Beyond Cause and Effect: Insights from Krishnamurti’s Lecture on the Universe

“There is only attachment; there is no such thing as detachment. The mind invents detachment as a reaction to the pain of attachment. When you react to attachment by becoming “detached,” you are attached to something else. So that whole process is one of attachment. You are attached to your wife or your husband, to your children, to ideas, to tradition, to authority, and so on; and your reaction to that attachment is detachment. The cultivation of detachment is the outcome of sorrow, pain. You want to escape from the pain of attachment, and your escape is to find something to which you think you can be attached. So there is only attachment, and it is a stupid mind that cultivates detachment. All the books say, “Be detached,” but what is the truth of the matter? If you observe your own mind, you will see an extraordinary thing—that through cultivating detachment, your mind is becoming attached to something else.”
~ Jiddu Krishnamurti, The Book of Life: Daily Meditations with Krishnamurti

We live our lives attached to things, people, money, power, views, ideas, beliefs and so on. It takes you in a spiral of negativity, overthinking and hopelessness.

Can we live in this world without a simple sense of attachment? 

Watched this video by Jiddu Krishnamurti, I was pretty confused until I read the transcript, felt like half my brain was trying to understand the words rather than the meaning. This is perhaps one of the reasons why I have always preferred reading as compared to watching a video.

The Universe has no Cause

The universe has no cause; we have causes | Krishnamurti

Transcript of the Conversation

K: We can give different explanations why human beings don’t change. Ten different explanations. What? They are just explanations.

Q: It’s not so much why they don’t change. Why are we not aware of the destructive tension in our brain?

K: When one puts the question ‘why’, then you’re looking for a cause. Right? The discovery of the cause may take time. You will say one thing, he’ll say another, I’ll say something else, so we’ll all be fighting over the cause.

Q: Twice in our conversation, we’ve come to a question, can there be an instantaneous ending, a cutting of something?
A timeless… We keep wondering off. I don’t know if we know how to even approach a question like that.

K: Don’t approach it.

Q: Well, you ask it and what does one do with it?
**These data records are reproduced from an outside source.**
Lemma min_typeII_converse : M ^+ 2 / d ^+ 2 / n%:R <= (1 - eps) / 2 ->
  (((1 - eps) / 2 * expR (- (n%:R * d)) * gibbs_mass PXY ^+ n)%:E <=
   min_typeII eps (FPX Y PX n) (iid n PXY))%E.
Proof.
move=> small; apply/ereal_infP => _ [T [T_test T_typeI] <-].
by rewrite lee_fin typeII_converse.
Qed.

End LlrTests.

Section Rate.
Variables (R : realType) (X Y : finType) (PXY : {ffun X * Y -> R}).
Hypothesis hP : is_dist PXY.
Variable eps : R.
Hypotheses (eps_gt0 : 0 < eps) (eps_lt1 : eps < 1).

Definition rate (n : nat) : \bar R :=
  ((n%:R)^-1)%:E * DH eps (FPX Y (marginalX PXY) n) (iid n PXY).

Lemma iid_ge0 n (z : {ffun 'I_n -> X * Y}) : 0 <= iid n PXY z.
Proof. by rewrite ffunE prodr_ge0 // => i _; apply: joint_ge0. Qed.

Lemma rate_ge n M d : (0 < n)%N -> llr_bound PXY <= M -> 0 < d ->
  M ^+ 2 / d ^+ 2 / n%:R <= eps -> ((- (d + ln (clipped_mass PXY M)))%:E <= rate n)%E.
Proof.
move=> n0 M_ge d0 small; have Z0 := clipped_mass_gt0 hP M.
have b0 : 0 < expR (n%:R * d) * clipped_mass PXY M ^+ n.
  by rewrite mulr_gt0 ?expR_gt0 ?exprn_gt0.
have := DH_ge_ln (@iid_ge0 n) b0 (min_typeII_achievable hP n0 M_ge d0 small).
move=> le_DH; have n_ne0 : n%:R != 0 :> R by rewrite pnatr_eq0 -lt0n.
have -> : - (d + ln (clipped_mass PXY M)) =
    n%:R^-1 * - ln (expR (n%:R * d) * clipped_mass PXY M ^+ n).
  by rewrite lnM ?posrE ?expR_gt0 ?exprn_gt0 // expRK lnXn // -mulr_natl; field.
by rewrite EFinM lee_wpmul2l // lee_fin invr_ge0.
Qed.

Lemma rate_le n M d : (exists y, admissible PXY y) -> (0 < n)%N ->
  llr_bound PXY <= M -> 0 < d -> M ^+ 2 / d ^+ 2 / n%:R <= (1 - eps) / 2 ->
  (rate n <= (d - ln (gibbs_mass PXY) - ln ((1 - eps) / 2) / n%:R)%:E)%E.
Proof.
move=> adm n0 M_ge d0 small; have Z0 := gibbs_mass_gt0 adm.
have c0 : 0 < (1 - eps) / 2 by rewrite divr_gt0 // subr_gt0.
have a0 : 0 < (1 - eps) / 2 * expR (- (n%:R * d)) * gibbs_mass PXY ^+ n.
  by rewrite mulr_gt0 ?exprn_gt0 // mulr_gt0 ?expR_gt0.
have := DH_le_ln (ltW eps_gt0) a0 (min_typeII_converse hP n0 M_ge d0 small).
move=> le_DH; have n_ne0 : n%:R != 0 :> R by rewrite pnatr_eq0 -lt0n.
have -> : d - ln (gibbs_mass PXY) - ln ((1 - eps) / 2) / n%:R =
    n%:R^-1 * - ln ((1 - eps) / 2 * expR (- (n%:R * d)) * gibbs_mass PXY ^+ n).
  rewrite [ln (_ * _ ^+ n)]lnM ?posrE ?exprn_gt0 ?(mulr_gt0 c0 (expR_gt0 _)) //.
  rewrite [ln (_ * expR _)]lnM ?posrE ?expR_gt0 // expRK lnXn // -mulr_natl.
  by field.
by rewrite EFinM lee_wpmul2l // lee_fin invr_ge0.
Qed.

Lemma rate_cvg_admissible : (exists y, admissible PXY y) ->
  rate @ \oo --> (- ln (gibbs_mass PXY))%:E.
Proof.
move=> adm; have Z0 := gibbs_mass_gt0 adm.
have c0 : 0 < (1 - eps) / 2 by rewrite divr_gt0 // subr_gt0.
apply: cvge_near_ball => e e0; have d0 : 0 < e / 3 by rewrite divr_gt0.
have [M M_ge tail] := exists_mulr_expR_le (llr_bound PXY) #|Y|%:R
  (min_mass_gt0 PXY) (mulr_gt0 Z0 d0).
have ln_clipped_mass : ln (clipped_mass PXY M) <= ln (gibbs_mass PXY) + e / 3.
  have M0 := le_trans (llr_bound_ge0 hP) M_ge.
  have d1 : 0 < 1 + e / 3 by rewrite addr_gt0.
  apply: (@le_trans _ _ (ln (gibbs_mass PXY * (1 + e / 3)))).
    rewrite ler_ln ?posrE ?clipped_mass_gt0 ?mulr_gt0 //.
    by apply: le_trans (clipped_mass_le hP M0) _; rewrite mulrDr mulr1 lerD2l.
  by rewrite lnM ?posrE // lerD2l le_ln1Dx // (lt_trans _ d0) // ltrN10.
near=> n.
have n0 : (0 < n)%N by near: n; apply: nbhs_infty_gt.
have small1 : M ^+ 2 / (e / 3) ^+ 2 / n%:R <= eps by near: n; apply: near_div_natr_le.
have small2 : M ^+ 2 / (e / 3) ^+ 2 / n%:R <= (1 - eps) / 2.
  by near: n; apply: near_div_natr_le.
have small3 : - ln ((1 - eps) / 2) / n%:R <= e / 3 by near: n; apply: near_div_natr_le.
have lo := rate_ge n0 M_ge d0 small1; have hi := rate_le adm n0 M_ge d0 small2.
apply/andP; split; [apply: le_trans lo | apply: le_trans hi _]; rewrite lee_fin; lra.
Unshelve. all: end_near. Qed.

Lemma rate_cvg_inadmissible : (forall y, ~~ admissible PXY y) -> rate @ \oo --> +oo%E.
Proof.
move=> nadm; apply/cvgeyPge => A.
have Z0 : gibbs_mass PXY = 0 by rewrite /gibbs_mass big_pred0 // => y; apply/negbTE.
have [M M_ge tail] := exists_mulr_expR_le (llr_bound PXY) #|Y|%:R
  (min_mass_gt0 PXY) (expR_gt0 (- (A + 1))).
have ln_clipped_mass : ln (clipped_mass PXY M) <= - (A + 1).
  have M0 := le_trans (llr_bound_ge0 hP) M_ge.
  rewrite -ler_expR lnK ?posrE ?clipped_mass_gt0 //.
  by apply: le_trans (clipped_mass_le hP M0) _; rewrite Z0 add0r.
near=> n.
have n0 : (0 < n)%N by near: n; apply: nbhs_infty_gt.
have small : M ^+ 2 / 1 ^+ 2 / n%:R <= eps by near: n; apply: near_div_natr_le.
by apply: le_trans (rate_ge n0 M_ge ltr01 small); rewrite lee_fin; lra.
Unshelve. all: end_near. Qed.

End Rate.

Unset Implicit Arguments. Set Strict Implicit.
Theorem mainTheorem4 (R : realType) (X Y : finType) (PXY : {ffun X * Y -> R})
  (hP : is_dist PXY) (eps : R) (heps0 : 0 < eps) (heps1 : eps < 1) :
  ((fun n : nat => ((n%:R)^-1)%:E * DH eps (FPX Y (marginalX PXY) n) (iid n PXY))%E
     @ \oo --> umlaut PXY).
Proof.
have [/existsP adm|/existsPn nadm] := boolP [exists y, admissible PXY y].
  by rewrite (umlaut_admissible hP adm); apply: rate_cvg_admissible.
by rewrite (umlaut_inadmissible nadm); apply: rate_cvg_inadmissible.
Qed.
K: Just look. You tell me that – what? – attachment is dangerous, corrupts. You tell me that. I see your logic, I accept your logic,
I see what you’re saying is true, but I’m attached at the end of that.

Q: It’s not sufficient.

K: I am still attached.

Q: I think you need some sort of deep crisis to have that…

K: Then I’ll wait for time. I don’t want time to dissolve my problem. Time won’t dissolve my problem.
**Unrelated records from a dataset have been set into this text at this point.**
(** U, L are the stopping boundaries (for t in N = {1,2,...}):
    U_t = min {j in N : condU t j},  L_t = max {j in Z : condL t j}.
    (condU t / condL t only depend on U_s, L_s for s < t.) *)
Definition is_boundaries {R : realType} (a : R) (eps : nat -> R)
  (U L : nat -> int) : Prop :=
  forall t : nat, (0 < t)%N ->
    [/\ 1 <= U t, condU a eps U L t (U t),
        (forall j : int, 1 <= j -> condU a eps U L t j -> U t <= j),
        condL a eps U L t (L t) &
        (forall j : int, condL a eps U L t j -> j <= L t)].

Definition tail_given {R : realType} (U L : nat -> int) (t : nat) (r : R) : R :=
  Pber r (fun s : t.-tuple bool => nostop_upto U L s t).

(** P(tau > t) when, conditionally on p ~ mu, X_j are i.i.d. Bernoulli(p):
    E[ P_p(tau > t) ] *)
Definition tail_prob {R : realType} (mu : probability R R) (U L : nat -> int)
  (t : nat) : R :=
  fine (\int[mu]_(r in setT) (tail_given U L t r)%:E)%E.

Definition cdf_of {R : realType} (mu : probability R R) (x : R) : R :=
  fine (mu `]-oo, x]%classic).

(* Under P_r, a Chernoff bound gives P_r(S_t >= r t + x) and P_r(S_t <= r t - x)
   at most exp(-x^2/8t). For x = t^((1+eta)/2) this is exp(-t^eta/8), eventually below
   the spending increment eps_t - eps_(t-1) >= lam t^-q. Since the mass of paths that
   crossed a boundary before t is at most eps_(t-1), the level alpha t + x (resp.
   alpha t - x) is then admissible for U_t (resp. L_t), so a path not stopped at t has
   |S_t - alpha t| < x. For |p - alpha| >= 2x/t this band is a deviation of x from p t,
   so P_p(tau > t) <= exp(-t^eta/8); the remaining p lie in an interval of length
   4x/t = 4 t^((eta-1)/2), of mass at most c (4x/t)^xi by the Hoelder continuity of
   the CDF. *)

From HB Require Import structures.
From mathcomp Require Import all_boot all_order all_algebra.
From mathcomp Require Import all_classical all_reals all_analysis.
From mathcomp Require Import measurable_realfun.
From mathcomp Require Import ring lra zify.
Import Order.TTheory GRing.Theory Num.Theory.
Import numFieldNormedType.Exports.
Local Open Scope ring_scope.

Section BernoulliPaths.
Context {R : realType}.
Implicit Types r : R.

Definition path_prob r (s : seq bool) : R := \prod_(x <- s) (if x then r else 1 - r).

Lemma path_prob_ge0 r (s : seq bool) : 0 <= r <= 1 -> 0 <= path_prob r s.
Proof. by move=> /andP[r0 r1]; apply: prodr_ge0 => -[] _ //; lra. Qed.

Lemma big_tuple0 (F : 0.-tuple bool -> R) : \sum_(s : 0.-tuple bool) F s = F [tuple].
Proof. by rewrite (big_pred1 [tuple]) // => s /=; apply/esym/eqP; exact: tuple0. Qed.

Lemma big_tuple_rcons n (F : n.+1.-tuple bool -> R) :
  \sum_(s : n.+1.-tuple bool) F s =
  \sum_(s : n.-tuple bool) \sum_(b : bool) F [tuple of rcons s b].
Proof.
rewrite pair_bigA /=.
pose h (p : n.-tuple bool * bool) := [tuple of rcons p.1 p.2].
pose h' (s : n.+1.-tuple bool) :=
  ([tuple of belast (thead s) (behead s)], last (thead s) (behead s)).
have hh' : cancel h' h.
  by move=> s; apply: val_inj => /=; rewrite -lastI [in RHS](tuple_eta s).
have h'h : cancel h h'.
  move=> [s b]; apply/eqP; rewrite xpair_eqE.
  have E : rcons (belast (thead (h (s, b))) (behead (h (s, b))))
              (last (thead (h (s, b))) (behead (h (s, b)))) = rcons s b.
    by rewrite -lastI -[RHS]/(val (h (s, b))) [in RHS](tuple_eta (h (s, b))).
  by case/rcons_inj: E => E1 E2; rewrite -val_eqE /= E1 E2 !eqxx.
rewrite (reindex h) //=.
by exists h' => x _; [apply: h'h | apply: hh'].
Qed.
Q: But this crisis is perhaps not induced by time. It could be induced by some shock – suddenly you understand the thing.

K: All right, why doesn’t it take place now?

Q: It could take place now. Perhaps I’m not sensitive enough.

K: Then what? You follow?

Q: But doesn’t that come back to the question, if I may put it? Doesn’t that come back to what it means to actually be attentive?
I don’t know whether I’m jumping.

K: I’m not seeking a cause. I wonder if you understand that.

Q: Would you say the notion of process is itself disorder?

K: You tell me attachment is corruption. You explain to me very logically, the whole explanation. I listen to it. I don’t ask, ‘Why don’t I change?’ My first question – I won’t ask that. I’m still attached. I don’t ask, ‘Why don’t I let go?’ If I ask why, I am seeking a cause. Therefore, what has a cause has an end. Right?

So, I won’t look at the cause. You will tell me that the cause is that and that and that. I won’t do any of that. I know I am attached. I have listened to you, listened to you logic, your clarity, I say, ‘Yes, that is perfectly true.’ But at the end of it, I am still holding on.
Just listen. I am still holding on.

That’s all I know. Please listen. That’s all I know. I’m not interested in ending it, I’m just holding on to that. I see I’m holding on.
I won’t ask why I am holding on, but it is just I am that.

I think it is disastrous to ask what is the cause – for myself, I’m not telling you to accept this.

The universe has no cause. We have causes. If I can not think in terms of cause, time. Then I am attached. That very reality of ‘I am attached’ operates. I don’t have to do a thing.

Experiencing a Spiral

There’s something profound here to be learned, I paused for a moment and pondered on one of the recent causes that was on my mind.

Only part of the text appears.